Intel® VTune™ Profiler

Performance Analysis Tutorial for Windows* OS

ID 762031
Date 12/20/2024
Public

Enable Platform-Appropriate Vectorization

Enable the use of vector registers as appropriate for your platform. Then check to see if the vectorization efficiency improves.

You use the /QxHost option to compile the matrix application using the best instruction set extension that is supported by your processor. To generate multiple code paths that enable your software to run on several microarchitectures, refer to the ax, Qax option of the Intel® oneAPI DPC++/C++ Compiler.

Enable Full Vectorization

To enable the use of a vector instruction set that is appropriate for your platform, instruct the compiler to use the same vector extension as the best one that is available for your processor.

Follow these steps to enable platform-appropriate vectorization using Visual Studio*:

  1. In the Solution Explorer pane, right-click the matrix project and select Properties.

  2. Open the C/C++ > Code Generation [Intel C++] menu.

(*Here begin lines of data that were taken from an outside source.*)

Definition gsupp M (v : M) : seq int := projT1 (cid (gcomp_fin v)).

Lemma gsupp_uniq M (v : M) : uniq (gsupp v).
Proof. by case: (projT2 (cid (gcomp_fin v))). Qed.

Lemma gsuppE M (v : M) : v = \sum_(k <- gsupp v) gcomp k v.
Proof. by case: (projT2 (cid (gcomp_fin v))). Qed.

(* The degree-0 component of h for the grading of Hom(M, N). *)
Definition gpart M N (h : M -> N) (v : M) : N :=
  \sum_(k <- gsupp v) gcomp k (h (gcomp k v)).

Section DegreeZeroPart.
Variables (M N : gmod R n) (h : M -> N).
Hypothesis h_lin : plinear h.

Lemma gpartE (v : M) (s : seq int) : uniq s -> v = \sum_(k <- s) gcomp k v ->
  gpart h v = \sum_(k <- s) gcomp k (h (gcomp k v)).
Proof.
move=> us vE; apply: eq_big_support; rewrite ?gsupp_uniq // => k ks.
  by rewrite (gcomp_out (gsuppE v) ks) (plinear0 h_lin) gcomp0.
by rewrite (gcomp_out vE ks) (plinear0 h_lin) gcomp0.
Qed.

Lemma gpartD (u v : M) : gpart h (u + v) = gpart h u + gpart h v.
Proof.
pose s := undup (gsupp u ++ gsupp v ++ gsupp (u + v)).
have us : uniq s by apply: undup_uniq.
have widen w : {subset gsupp w <= s} -> w = \sum_(k <- s) gcomp k w.
  by move=> ws; apply: gdecomp_widen (gsuppE w); rewrite ?gsupp_uniq.
rewrite !(gpartE us) -?big_split /=; first last.
- by apply: widen => k kv; rewrite /s mem_undup !mem_cat kv !orbT.
- by apply: widen => k kv; rewrite /s mem_undup !mem_cat kv.
- by apply: widen => k kv; rewrite /s mem_undup !mem_cat kv orbT.
by apply: eq_bigr => k _; rewrite gcomp_add (plinearD h_lin) gcomp_add.
Qed.
(* Let $X$ be an antipodal distance-regular graph of diameter $3$ on $n$ vertices. If $X$ is not a cocktail-party graph, then $\mathrm{motion}(X)\geq\frac{1}{13}n$.
   Context: A distance-regular graph of diameter $d$ is a connected graph such that for vertices $v,w$ at distance $i$ the numbers of neighbours of $w$ at distance $i-1,i,i+1$ from $v$ are constants depending only on $i$. It is antipodal if being at distance $d$ or equal is an equivalence relation on vertices. A cocktail-party graph is a regular complete bipartite graph with one perfect matching removed. The motion of a graph is the minimum, over non-identity automorphisms, of the number of vertices not fixed. *)

From mathcomp Require Import all_boot all_fingroup.
Set Implicit Arguments. Unset Strict Implicit. Unset Printing Implicit Defensive.

Section Graphs.
Variables (T : finType) (e : rel T).

Definition simple_graph : Prop := symmetric e /\ irreflexive e.

Definition ball (k : nat) (x : T) : {set T} :=
  iter k (fun A : {set T} => A :|: [set y | [exists z in A, e z y]]) [set x].

(* graph distance: least k with y in ball k x (equals #|T|.+1 if unreachable) *)
Definition dist (x y : T) : nat :=
  find (fun k => y \in ball k x) (iota 0 #|T|.+1).

Definition connected : Prop := forall x y : T, connect e x y.

Definition has_diameter (d : nat) : Prop :=
  connected /\ (forall x y, dist x y <= d) /\ (exists x y, dist x y = d).

Definition nbrs_at (v w : T) (j : nat) : {set T} :=
  [set u | e w u & dist v u == j].
(* For every $\phi\in\mathcal{L}_{\Box\!\!\rightarrow}$ and every $(\Gamma,\Delta)\in W_c$: (1) $\mathcal{M}_c,(\Gamma,\Delta)\models^+\phi$ iff $\phi\in\Gamma$; (2) $\mathcal{M}_c,(\Gamma,\Delta)\models^-\phi$ iff $\sim\phi\in\Gamma$.
   Context: $\mathcal{L}_{\Box\!\!\rightarrow}$ is built from propositional variables with $\wedge,\vee,\to$, strong negation $\sim$, and a binary would-conditional $\Box\!\!\rightarrow$; $\phi\Diamond\!\!\rightarrow\psi$ abbreviates $\sim(\phi\Box\!\!\rightarrow\sim\psi)$. Abbreviations: $\leftrightarrow$ is mutual $\to$; $\phi\Rightarrow\psi:=(\phi\to\psi)\wedge(\sim\psi\to\sim\phi)$; $\phi\Leftrightarrow\psi:=(\phi\Rightarrow\psi)\wedge(\psi\Rightarrow\phi)$. $\mathbb{N}4\mathbb{CK}$: modus ponens; positive intuitionistic schemes; $\sim\sim\phi\leftrightarrow\phi$, $\sim(\phi\wedge\psi)\leftrightarrow(\sim\phi\vee\sim\psi)$, $\sim(\phi\vee\psi)\leftrightarrow(\sim\phi\wedge\sim\psi)$, $\sim(\phi\to\psi)\leftrightarrow(\phi\wedge\sim\psi)$; (A1) $((\phi\Box\!\!\rightarrow\psi)\wedge(\phi\Box\!\!\rightarrow\chi))\Leftrightarrow(\phi\Box\!\!\rightarrow(\psi\wedge\chi))$; (A2) $(\sim(\phi\Box\!\!\rightarrow\psi)\wedge(\phi\Box\!\!\rightarrow\chi))\to\sim(\phi\Box\!\!\rightarrow(\psi\vee\sim\chi))$; (A3) $((\phi\Diamond\!\!\rightarrow\psi)\to(\phi\Box\!\!\rightarrow\chi))\to(\phi\Box\!\!\rightarrow(\psi\to\chi))$; (A4) $\phi\Box\!\!\rightarrow(\psi\to\psi)$; rules: from $\phi\Leftrightarrow\psi$ infer $(\phi\Box\!\!\rightarrow\chi)\Leftrightarrow(\psi\Box\!\!\rightarrow\chi)$; from $\phi\leftrightarrow\psi$ infer $(\chi\Box\!\!\rightarrow\phi)\leftrightarrow(\chi\Box\!\!\rightarrow\psi)$; from $\sim\phi\leftrightarrow\sim\psi$ infer $\sim(\chi\Box\!\!\rightarrow\phi)\leftrightarrow\sim(\chi\Box\!\!\rightarrow\psi)$. $\Gamma\vdash\Delta$ means some nonempty finite disjunction of members of $\Delta$ is derivable from $\Gamma$ and theorems by modus ponens; $(\Gamma,\Delta)$ is maximal iff $\Gamma\not\vdash\Delta$ and $\Gamma\cup\Delta=\mathcal{L}_{\Box\!\!\rightarrow}$. Canonical model $\mathcal{M}_c$: $W_c$ = maximal bi-sets; $(\Gamma_0,\Delta_0)\leq_c(\Gamma_1,\Delta_1)$ iff $\Gamma_0\subseteq\Gamma_1$; $((\Gamma_0,\Delta_0),(X,Y),(\Gamma_1,\Delta_1))\in R_c$ iff for some $\phi$: $X=\{(\Gamma,\Delta)\in W_c\mid\phi\in\Gamma\}$, $Y=\{(\Gamma,\Delta)\in W_c\mid\sim\phi\in\Gamma\}$, $\{\psi\mid\phi\Box\!\!\rightarrow\psi\in\Gamma_0\}\subseteq\Gamma_1$, $\{\sim(\phi\Box\!\!\rightarrow\psi)\mid\sim\psi\in\Gamma_1\}\subseteq\Gamma_0$; $V^+_c(p)=\{(\Gamma,\Delta)\mid p\in\Gamma\}$, $V^-_c(p)=\{(\Gamma,\Delta)\mid\sim p\in\Gamma\}$. Verification $\models^+$ / falsification $\models^-$: atoms by $V^\pm$; $\wedge$ verified iff both verified, falsified iff one falsified; $\vee$ dually; $\sim$ swaps $\models^+,\models^-$; $w\models^+\psi\to\chi$ iff for all $v\geq w$, $v\models^+\psi$ implies $v\models^+\chi$; $w\models^-\psi\to\chi$ iff $w\models^+\psi$ and $w\models^-\chi$; $w\models^+\psi\Box\!\!\rightarrow\chi$ iff for all $v\geq w$ and $u$ with $R_{\|\psi\|}(v,u)$, $u\models^+\chi$; $w\models^-\psi\Box\!\!\rightarrow\chi$ iff some $u$ has $R_{\|\psi\|}(w,u)$ and $u\models^-\chi$, where $\|\psi\|=(\{w\mid w\models^+\psi\},\{w\mid w\models^-\psi\})$. *)

From Stdlib Require Import List.
Import ListNotations.

Inductive form : Type :=
| Var  : nat -> form
| And  : form -> form -> form
| Or   : form -> form -> form
| Imp  : form -> form -> form
| Neg  : form -> form              (* strong negation ~ *)
| Cond : form -> form -> form.

Definition Dia (p q : form) : form := Neg (Cond p (Neg q)).
Definition Iff (p q : form) : form := And (Imp p q) (Imp q p).
Definition SImp (p q : form) : form := And (Imp p q) (Imp (Neg q) (Neg p)).
Definition SIff (p q : form) : form := And (SImp p q) (SImp q p).

Inductive thm : form -> Prop :=
| ax_K  : forall p q, thm (Imp p (Imp q p))
| ax_S  : forall p q r, thm (Imp (Imp p (Imp q r)) (Imp (Imp p q) (Imp p r)))
| ax_A1 : forall p q, thm (Imp (And p q) p)
| ax_A2 : forall p q, thm (Imp (And p q) q)
| ax_A3 : forall p q, thm (Imp p (Imp q (And p q)))
| ax_O1 : forall p q, thm (Imp p (Or p q))
| ax_O2 : forall p q, thm (Imp q (Or p q))
| ax_O3 : forall p q r, thm (Imp (Imp p r) (Imp (Imp q r) (Imp (Or p q) r)))
| ax_NN   : forall p, thm (Iff (Neg (Neg p)) p)
| ax_NAnd : forall p q, thm (Iff (Neg (And p q)) (Or (Neg p) (Neg q)))
| ax_NOr  : forall p q, thm (Iff (Neg (Or p q)) (And (Neg p) (Neg q)))
| ax_NImp : forall p q, thm (Iff (Neg (Imp p q)) (And p (Neg q)))
| ax_C1 : forall p q r,
    thm (SIff (And (Cond p q) (Cond p r)) (Cond p (And q r)))
| ax_C2 : forall p q r,
    thm (Imp (And (Neg (Cond p q)) (Cond p r)) (Neg (Cond p (Or q (Neg r)))))
| ax_C3 : forall p q r,
    thm (Imp (Imp (Dia p q) (Cond p r)) (Cond p (Imp q r)))
| ax_C4 : forall p q, thm (Cond p (Imp q q))
| r_MP : forall p q, thm (Imp p q) -> thm p -> thm q
| r_RA : forall p q r, thm (SIff p q) -> thm (SIff (Cond p r) (Cond q r))
| r_RC : forall p q r, thm (Iff p q) -> thm (Iff (Cond r p) (Cond r q))
| r_RCN : forall p q r, thm (Iff (Neg p) (Neg q)) ->
                        thm (Iff (Neg (Cond r p)) (Neg (Cond r q))).

Inductive deriv (G : form -> Prop) : form -> Prop :=
| d_hyp : forall p, G p -> deriv G p
| d_thm : forall p, thm p -> deriv G p
| d_mp  : forall p q, deriv G (Imp p q) -> deriv G p -> deriv G q.

Fixpoint bigOr (x : form) (l : list form) : form :=
  match l with
  | [] => x
  | y :: l' => Or x (bigOr y l')
  end.

Definition seq_deriv (G D : form -> Prop) : Prop :=
  exists (x : form) (l : list form),
    (forall y, In y (x :: l) -> D y) /\ deriv G (bigOr x l).

Definition maximal (GD : (form -> Prop) * (form -> Prop)) : Prop :=
  ~ seq_deriv (fst GD) (snd GD) /\ (forall p, fst GD p \/ snd GD p).

Record model : Type := Model {
  W  : Type;
  le : W -> W -> Prop;
  R  : W -> (W -> Prop) * (W -> Prop) -> W -> Prop;
  Vp : nat -> W -> Prop;
  Vm : nat -> W -> Prop
}.

Fixpoint ver (M : model) (p : form) (w : W M) {struct p} : Prop :=
  match p with
  | Var n => Vp M n w
  | And a b => ver M a w /\ ver M b w
  | Or a b => ver M a w \/ ver M b w
  | Imp a b => forall v, le M w v -> ver M a v -> ver M b v
  | Neg a => fal M a w
  | Cond a b => forall v, le M w v ->
                forall u, R M v (ver M a, fal M a) u -> ver M b u
  end
with fal (M : model) (p : form) (w : W M) {struct p} : Prop :=
  match p with
  | Var n => Vm M n w
  | And a b => fal M a w \/ fal M b w
  | Or a b => fal M a w /\ fal M b w
  | Imp a b => ver M a w /\ fal M b w
  | Neg a => ver M a w
  | Cond a b => exists u, R M w (ver M a, fal M a) u /\ fal M b u
  end.

Definition Wc : Type := { GD : (form -> Prop) * (form -> Prop) | maximal GD }.

Definition Gam (w : Wc) : form -> Prop := fst (proj1_sig w).

Definition lec (w v : Wc) : Prop := forall p, Gam w p -> Gam v p.

(* set equality X = {w | ...} rendered extensionally (pointwise iff) *)
Definition Rc (w0 : Wc) (XY : (Wc -> Prop) * (Wc -> Prop)) (w1 : Wc) : Prop :=
  exists p : form,
    (forall w, fst XY w <-> Gam w p) /\
    (forall w, snd XY w <-> Gam w (Neg p)) /\
    (forall q, Gam w0 (Cond p q) -> Gam w1 q) /\
    (forall q, Gam w1 (Neg q) -> Gam w0 (Neg (Cond p q))).

Definition Mc : model :=
  Model Wc lec Rc (fun n w => Gam w (Var n)) (fun n w => Gam w (Neg (Var n))).

From Stdlib Require Import List Classical ClassicalEpsilon Cantor Lia.
Import ListNotations.

(* Maximal pairs are prime, deductively closed theories, so the
   propositional clauses are matched by primeness and the strong-negation
   axioms. For the conditional the crux is that, once the lemma holds for a,
   any p whose verification and falsification sets are those of a is
   provably strongly equivalent to a (a maximal pair separates every
   non-theorem), so rule RA lets the canonical relation along ||a|| be read
   off a itself. The successors demanded by the semantics then come from
   Lindenbaum's lemma: for a failed a []-> b first the successor u and then a
   world above w seeing u, consistent thanks to C3; for a falsified
   conditional a successor whose consistency rests on C1 and C2. *)

Lemma thm_id p : thm (Imp p p).
Proof. exact (r_MP _ _ (r_MP _ _ (ax_S p (Imp p p) p) (ax_K p (Imp p p))) (ax_K p p)). Qed.

Lemma thm_and p q : thm p -> thm q -> thm (And p q).
Proof. intros Hp Hq. exact (r_MP _ _ (r_MP _ _ (ax_A3 p q) Hp) Hq). Qed.

Lemma thm_and_elim p q : thm (And p q) -> thm p /\ thm q.
Proof. intro H. exact (conj (r_MP _ _ (ax_A1 p q) H) (r_MP _ _ (ax_A2 p q) H)). Qed.

Lemma deriv_mono (G G' : form -> Prop) p :
  (forall x, G x -> G' x) -> deriv G p -> deriv G' p.
Proof. intros HG H; induction H; [apply d_hyp | apply d_thm | eapply d_mp]; eauto. Qed.

Lemma deriv_deduction G h p : deriv (fun q => G q \/ q = h) p -> deriv G (Imp h p).
Proof.
  induction 1 as [p [Hp | ->] | p Hp | p q _ IH1 _ IH2].
  - exact (d_mp _ _ _ (d_thm _ _ (ax_K p h)) (d_hyp _ _ Hp)).
  - apply d_thm, thm_id.
  - exact (d_mp _ _ _ (d_thm _ _ (ax_K p h)) (d_thm _ _ Hp)).
  - exact (d_mp _ _ _ (d_mp _ _ _ (d_thm _ _ (ax_S h p q)) IH1) IH2).
Qed.

Lemma thm_of_deriv_empty p : deriv (fun _ => False) p -> thm p.
Proof. induction 1; [contradiction | assumption | eapply r_MP; eassumption]. Qed.

Lemma thm_imp_of_deriv a b : deriv (fun q => q = a) b -> thm (Imp a b).
Proof.
  intro H. apply thm_of_deriv_empty, deriv_deduction.
  revert H; apply deriv_mono; auto.
Qed.

Lemma deriv_finite_support (G N : form -> Prop) p :
  deriv (fun q => G q \/ N q) p ->
  exists hs, (forall h, In h hs -> N h) /\ deriv (fun q => G q \/ In q hs) p.
Proof.
  induction 1 as [p [Hp | Hp] | p Hp | p q _ [h1 [Hh1 D1]] _ [h2 [Hh2 D2]]].
  - exists []. split; [intros _ [] | apply d_hyp; auto].
  - exists [p]. split; [intros h [<- | []]; auto | apply d_hyp; simpl; auto].
  - exists []. split; [intros _ [] | apply d_thm; auto].
  - exists (h1 ++ h2). split.
    + intros h Hh; apply in_app_iff in Hh; destruct Hh; auto.
    + apply (d_mp _ p); [revert D1 | revert D2]; apply deriv_mono;
        intros x [Hx | Hx]; rewrite ?in_app_iff; auto.
Qed.

Section DerivedRules.
Variable G : form -> Prop.

Lemma deriv_thm_mp p q : thm (Imp p q) -> deriv G p -> deriv G q.
Proof. intro H; apply d_mp, d_thm, H. Qed.

Lemma deriv_and p q : deriv G p -> deriv G q -> deriv G (And p q).
Proof. intros Hp Hq. exact (d_mp _ _ _ (deriv_thm_mp _ _ (ax_A3 p q) Hp) Hq). Qed.

Lemma deriv_imp_trans a b c :
  deriv G (Imp a b) -> deriv G (Imp b c) -> deriv G (Imp a c).
Proof.
  intros Hab Hbc. apply deriv_deduction.
  apply (d_mp _ b); [revert Hbc | apply (d_mp _ a); [revert Hab | apply d_hyp; auto]];
    apply deriv_mono; auto.
Qed.

Lemma deriv_or_elim a b c :
  deriv G (Imp a c) -> deriv G (Imp b c) -> deriv G (Imp (Or a b) c).
Proof. intros Ha Hb. exact (d_mp _ _ _ (d_mp _ _ _ (d_thm _ _ (ax_O3 a b c)) Ha) Hb). Qed.

End DerivedRules.

Lemma thm_trans a b c : thm (Imp a b) -> thm (Imp b c) -> thm (Imp a c).
Proof. intros Hab Hbc. apply thm_of_deriv_empty, (deriv_imp_trans _ _ b); apply d_thm; auto. Qed.

Lemma bigOr_intro z x l : In z (x :: l) -> thm (Imp z (bigOr x l)).
Proof.
  revert x; induction l as [| y l IH]; intros x [<- | Hz]; simpl.
  - apply thm_id.
  - destruct Hz.
  - apply ax_O1.
  - exact (thm_trans _ _ _ (IH y Hz) (ax_O2 x _)).
Qed.

Lemma deriv_bigOr_elim G x l c :
  (forall z, In z (x :: l) -> deriv G (Imp z c)) -> deriv G (Imp (bigOr x l) c).
Proof.
  revert x; induction l as [| y l IH]; intros x Hc; simpl.
  - apply Hc; left; auto.
  - apply deriv_or_elim; [apply Hc; left | apply IH; intros; apply Hc; right]; auto.
Qed.

Lemma bigOr_sub x l y m :
  (forall z, In z (x :: l) -> In z (y :: m)) -> thm (Imp (bigOr x l) (bigOr y m)).
Proof.
  intro Hsub. apply thm_of_deriv_empty, deriv_bigOr_elim.
  intros z Hz. apply d_thm, bigOr_intro, Hsub, Hz.
Qed.

Lemma list_cover {A : Type} (P : A -> Prop) (e : A) (m : list A) :
  (forall z, In z m -> P z \/ z = e) ->
  exists k, (forall z, In z k -> P z) /\ (forall z, In z m -> In z k \/ z = e).
Proof.
  induction m as [| z m IH]; intro Hm.
  - exists []. split; intros _ [].
  - destruct IH as [k [Hk Hc]]; [intros; apply Hm; right; auto |].
    destruct (Hm z (or_introl eq_refl)) as [Hz | ->].
    + exists (z :: k). split.
      * intros y [<- | Hy]; auto.
      * intros y [<- | Hy]; [left; left; auto | destruct (Hc y Hy); simpl; auto].
    + exists k. split; auto. intros y [<- | Hy]; auto.
Qed.

Lemma seq_deriv_cut G D e :
  seq_deriv (fun q => G q \/ q = e) D -> seq_deriv G (fun q => D q \/ q = e) ->
  seq_deriv G D.
Proof.
  intros [x [l [Hxl Hd]]] [y [m [Hym Hd']]].
  apply deriv_deduction in Hd.
  destruct (list_cover D e (y :: m) Hym) as [k [Hk Hcov]].
  exists x, (l ++ k). split.
  - intros z [<- | Hz]; [apply Hxl; left; auto |].
    apply in_app_iff in Hz as [Hz | Hz]; [apply Hxl; right |]; auto.
  - refine (d_mp _ _ _ (deriv_bigOr_elim _ _ _ _ _) Hd'). intros z Hz.
    destruct (Hcov z Hz) as [Hzk | ->].
    + apply d_thm, bigOr_intro. right. apply in_app_iff; auto.
    + apply (deriv_imp_trans _ _ _ _ Hd), d_thm, bigOr_sub.
      intros z [<- | Hz']; [left | right; apply in_app_iff]; auto.
Qed.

  3. Set the Intel Processor-Specific Optimization option to Same as the host processor performing the compilation (/QxHost). This setting instructs the compiler to use the best instruction set extension that is available for your processor.

  4. Save the change.

  5. Build the application.

Check Vectorization with HPC Performance Characterization Analysis

Repeat the HPC Performance Characterization analysis to ensure that the matrix application is properly vectorized.

Once the analysis is finished, see the result in the Summary window.

Notice that:

  • The Elapsed Time for the application has decreased slightly.

  • The Vectorization metric is 100%, so the code was fully vectorized.

  • 100.0% of Packed DP FLOP instructions were executed using the 256-bit registers. The vector instruction set used is primarily AVX with some Fused Multiply-Add (FMA) instructions.

  • Although the overall speed of the application improved, some performance indicators like CPI Rate and Memory Bound worsened with the vectorization change. This is because the loop optimizations may include factors like unrolling which affects the memory access pattern. The matrix sample contains advanced techniques like cache blocking to improve this condition.

  • The matrix application is extremely fast. This speed makes its performance more susceptible to interference from other tasks and overhead on your system. Minor optimizations may not consistently show the performance improvement you expect. Increasing the size of the matrices can help here.

Performance optimization is an iterative process. The matrix sample contains more techniques you can consider for performance improvement.